An email campaign can be defined as one or more emails sent to a group of people who have registered to an email list. A timed campaign will send out emails at regular intervals (mostly one email per week). This will usually start when a recipient signs up to receive these campaign emails. Email campaigns usually have an auto responder set up which will send follow up emails to the mail from the original recipient or responder. This cycle may be repeated for a specified number of times.

There are various tests to determine whether an email campaign is working effectively or not. They are

• Always maintain a control message. If you want to really check if a change to an email actually has an effect on the response rates the best way to go about it would be to compare it with a control group. The process of testing email is so easy that inexperienced marketers are tempted to test multiple facets of a message at once. This is not advisable. Altering one part of the message, and then comparing it to the email with the best response so far would prove far more effective. Testing more than one facet unnecessarily complicates things.

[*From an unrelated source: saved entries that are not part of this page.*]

(* Let $p,q\ge1$, $u\in\mathfrak{S}_p$, $v\in\mathfrak{S}_q$. For $w\in\mathfrak{S}_{p+q}$ let $A^w_{u,v}$ be the set of $\zeta\in\mathfrak{S}^{(p,q)}$ such that (i) $(u\times v)\cdot\zeta^{-1}\le w$, and (ii) whenever $u'\in\mathfrak{S}_p$, $v'\in\mathfrak{S}_q$ satisfy $u\le u'$, $v\le v'$ and $(u'\times v')\cdot\zeta^{-1}\le w$, then $u'=u$ and $v'=v$. Let $\alpha^w_{u,v}=\#A^w_{u,v}$. Then $$\mathcal{M}_u\cdot\mathcal{M}_v=\sum_{w\in\mathfrak{S}_{p+q}}\alpha^w_{u,v}\,\mathcal{M}_w .$$
   Context: Permutations in one-line notation, product is composition. For $u\in\mathfrak{S}_p,v\in\mathfrak{S}_q$, $u\times v\in\mathfrak{S}_{p+q}$ has $(u\times v)(i)=u_i$ ($i\le p$), $(u\times v)(p+j)=p+v_j$. $\mathfrak{S}^{(p,q)}=\{\zeta\in\mathfrak{S}_{p+q}:\zeta_1<\cdots<\zeta_p,\zeta_{p+1}<\cdots<\zeta_{p+q}\}$. $\mathrm{st}(a_1,\ldots,a_m)\in\mathfrak{S}_m$ is the permutation with the same relative order as the distinct integers $a_i$. $\mathfrak{S}Sym$ is the graded Hopf algebra over $\mathbb{Q}$ with basis $\{\mathcal{F}_u:u\in\mathfrak{S}_n,n\ge0\}$, product $\mathcal{F}_u\cdot\mathcal{F}_v=\sum_{\zeta\in\mathfrak{S}^{(p,q)}}\mathcal{F}_{(u\times v)\cdot\zeta^{-1}}$, coproduct $\Delta(\mathcal{F}_u)=\sum_{p=0}^n\mathcal{F}_{\mathrm{st}(u_1..u_p)}\otimes\mathcal{F}_{\mathrm{st}(u_{p+1}..u_n)}$. Weak order: $u\le v$ iff $\mathrm{Inv}(u)\subseteq\mathrm{Inv}(v)$, $\mathrm{Inv}(u)=\{(i,j):i<j,u_i>u_j\}$, Möbius function $\mu$. Monomial basis: $\mathcal{M}_u=\sum_{v\ge u}\mu(u,v)\mathcal{F}_v$, equivalently $\mathcal{F}_u=\sum_{v\ge u}\mathcal{M}_v$. *)

From mathcomp Require Import all_boot all_order all_fingroup all_algebra.
Set Implicit Arguments. Unset Strict Implicit. Unset Printing Implicit Defensive.
Import GRing.Theory.
Local Open Scope ring_scope.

• Try and Test significant differences. It is better to ensure what you’re testing differs significantly from the control group. For example, Instead of slightly rewording your offer, it is better to try one hard sell and one soft sell. Or better still send one message with a discount and one without. Over a period of time, alter the size of the discount.

• Test formatting. Silverpop an Email service provider recently did a study which showed that consumers receive a large number of poorly formatted HTML messages because the sender did not test appearance in different email software. Unless and until you have a lab with a complete array of email clients, it’s better to let your service provider perform this function.

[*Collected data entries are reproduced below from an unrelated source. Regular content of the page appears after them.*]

(* Let $A$ be a torsion-free abelian group and $p$ a prime. Then $A$ has a homomorphic image isomorphic to $\bigoplus_{\aleph_0}\mathbb{Z}(p^\infty)$ (a direct sum of countably infinitely many copies of $\mathbb{Z}(p^\infty)$) if and only if $A$ has infinite (torsion-free) rank.
   Context: All groups are abelian; $\mathbb{Z}(p^\infty)$ is the quasi-cyclic $p$-group. *)

From HB Require Import structures.
From mathcomp Require Import all_boot all_order all_algebra archimedean.
From mathcomp Require Import ring_quotient.
From mathcomp Require Import boolp.
Set Implicit Arguments. Unset Strict Implicit. Unset Printing Implicit Defensive.
Import Order.TTheory GRing.Theory Num.Theory.
Local Open Scope ring_scope.

Definition torsion_free (A : zmodType) : Prop :=
  forall (x : A) (n : nat), x *+ n.+1 = 0 -> x = 0.

Definition zindependent (A : zmodType) (n : nat) (x : 'I_n -> A) : Prop :=
  forall c : 'I_n -> int, \sum_(i < n) x i *~ c i = 0 -> forall i, c i = 0.

(* Infinite (torsion-free) rank: a maximal independent set is infinite,
   equivalently there are independent families of every finite size. *)
Definition infinite_rank (A : zmodType) : Prop :=
  forall n : nat, exists x : 'I_n -> A, zindependent x.

(* Finitely supported sequences of rationals (indexed by nat) are modelled
   by {poly rat}: the coefficient sequence of a polynomial.  The integer
   polynomials form the subgroup Z^(N).  Their quotient is the direct sum
   of countably many copies of Q/Z. *)
Definition int_poly_pred : {pred {poly rat}} :=
  fun q => q \is a polyOver (@Num.int rat).
Lemma int_poly_zmod : zmod_closed int_poly_pred.
Proof.
split; first exact: polyOver0.
move=> x y /polyOverP hx /polyOverP hy; apply/polyOverP => i.
by rewrite coefB rpredB.
Qed.
HB.instance Definition _ := GRing.isZmodClosed.Build _ int_poly_pred int_poly_zmod.
Definition int_poly : zmodClosed {poly rat} := GRing.ZmodClosed.clone _ int_poly_pred _.
Definition QZsum := Quotient.quot int_poly.
(* The p-primary component of (+)_N Q/Z, i.e. (+)_N Z(p^oo) where
   Z(p^oo) is the p-primary component of Q/Z (the quasi-cyclic p-group). *)
Section Ptors.
Variable p : nat.
Definition ptorsion_pred : {pred QZsum} :=
  fun x => `[< exists k : nat, x *+ (p ^ k) = 0 >].
Lemma ptorsion_zmod : zmod_closed ptorsion_pred.
Proof.
split; first by apply/asboolP; exists 0%N; rewrite mul0rn.
move=> x y /asboolP [a ha] /asboolP [b hb]; apply/asboolP; exists (a + b)%N.
rewrite mulrnBl expnD mulrnA ha mul0rn mulnC mulrnA hb mul0rn.
by rewrite subr0.
Qed.
HB.instance Definition _ := GRing.isZmodClosed.Build _ ptorsion_pred ptorsion_zmod.
Record Zpinf_sum := ZpinfSum { zpval : QZsum; _ : ptorsion_pred zpval }.
HB.instance Definition _ := [isSub for zpval].
HB.instance Definition _ := [Choice of Zpinf_sum by <:].
HB.instance Definition _ := [SubChoice_isSubZmodule of Zpinf_sum by <:].
End Ptors.

Definition has_Zpinf_sum_image (A : zmodType) (p : nat) : Prop :=
  exists f : {additive A -> Zpinf_sum p}, forall y, exists x, f x = y.

(* If f : A -> (+)_N Z(p^oo) is onto, lift the elements 1/p of the first n
   summands to a_0, ..., a_(n-1) in A.  Since A is torsion-free, a nontrivial
   relation among the a_i can be divided by the gcd of its coefficients, so that
   some coefficient is prime to p; but its image under f is a relation among
   the 1/p's of distinct summands, which forces every coefficient to be
   divisible by p.  Hence A has infinite rank.

   Conversely, as k + 1 vectors of Q^k are dependent, independent families of
   every finite size allow any finite independent family of A to be enlarged,
   which yields an independent sequence x_0, x_1, ...  Sending the x_j onto an
   enumeration of the generators p^-k of the summands defines a homomorphism on
   the free subgroup they span; it extends to A because (+)_N Z(p^oo) is
   divisible (Baer's argument, via Zorn's lemma), and the extension is onto. *)

From HB Require Import structures.
From mathcomp Require Import all_boot all_order all_algebra.
From mathcomp Require Import generic_quotient ring_quotient boolp classical_sets.
Set Implicit Arguments. Unset Strict Implicit. Unset Printing Implicit Defensive.
Import GRing.Theory Num.Theory.
Local Open Scope ring_scope.
Local Open Scope quotient_scope.

Lemma torsion_free_primitive_relation (A : zmodType) (p n : nat)
    (x : 'I_n -> A) (c : 'I_n -> int) :
  (1 < p)%N -> torsion_free A ->
  \sum_(i < n) x i *~ c i = 0 -> (exists i, c i != 0) ->
  exists2 c' : 'I_n -> int,
    \sum_(i < n) x i *~ c' i = 0 & exists i, ~~ (p%:Z %| c' i)%Z.
Proof.
move=> p_gt1 tfA rel_c [i0 ci0_neq0].
pose d := \big[gcdn/0]_(i < n) `|c i|%N.
have d_dvd i : (d %| `|c i|)%N by apply: (biggcdn_inf i).
have d_gt0 : (0 < d)%N.
  rewrite lt0n; apply: contraNneq ci0_neq0 => d0.
  by have := d_dvd i0; rewrite d0 dvd0n absz_eq0.
pose c' i := (c i %/ d%:Z)%Z.
have c_eq i : c i = c' i * d%:Z by rewrite divzK // dvdzE.
exists c'.
  apply: (tfA _ d.-1); rewrite prednK // pmulrn mulrz_suml -[RHS]rel_c.
  by apply: eq_bigr => i _; rewrite -mulrzA -c_eq.
apply/existsP; rewrite -negb_forall; apply: contraL p_gt1 => /forallP p_dvd.
have : (p * d %| d)%N.
  apply/dvdn_biggcdP => i _; rewrite c_eq abszM dvdn_mul //.
  by have := p_dvd i; rewrite dvdzE.
by move/(dvdn_leq d_gt0); rewrite -{2}[d]mul1n leq_pmul2r // -ltnNge ltnS.
Qed.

• Always start with the basics. A lot of people still receive email messages from large companies that leave the sender line, subject line, or both blank. This is one of the best ways to kill response. Imagine receiving in the mail a credit card solicitation in a plain white envelope with no return address. Marketers who are just beginning to test their messages should begin with altering subject lines. Do you personalize it? Include an offer? Is the offer dollars off or percent off? A hard or soft sell?

• A pre-test is an excellent way to find out what works before sending the email to your entire list. This knowledge can greatly improve your overall response rate. It also protects you from sending a poor performing email test to a large portion of your list—and wasting your efforts. To pre-test, choose a random sampling of 100 people from your master list, then split that in half and send each half one of the two test campaigns.

These tests will help you determine whether your email campaign is effective or not. From these tests you have to select the best email. You also have to keep in mind that you have to send different types of emails to different consumer categories for your email campaign to be successful.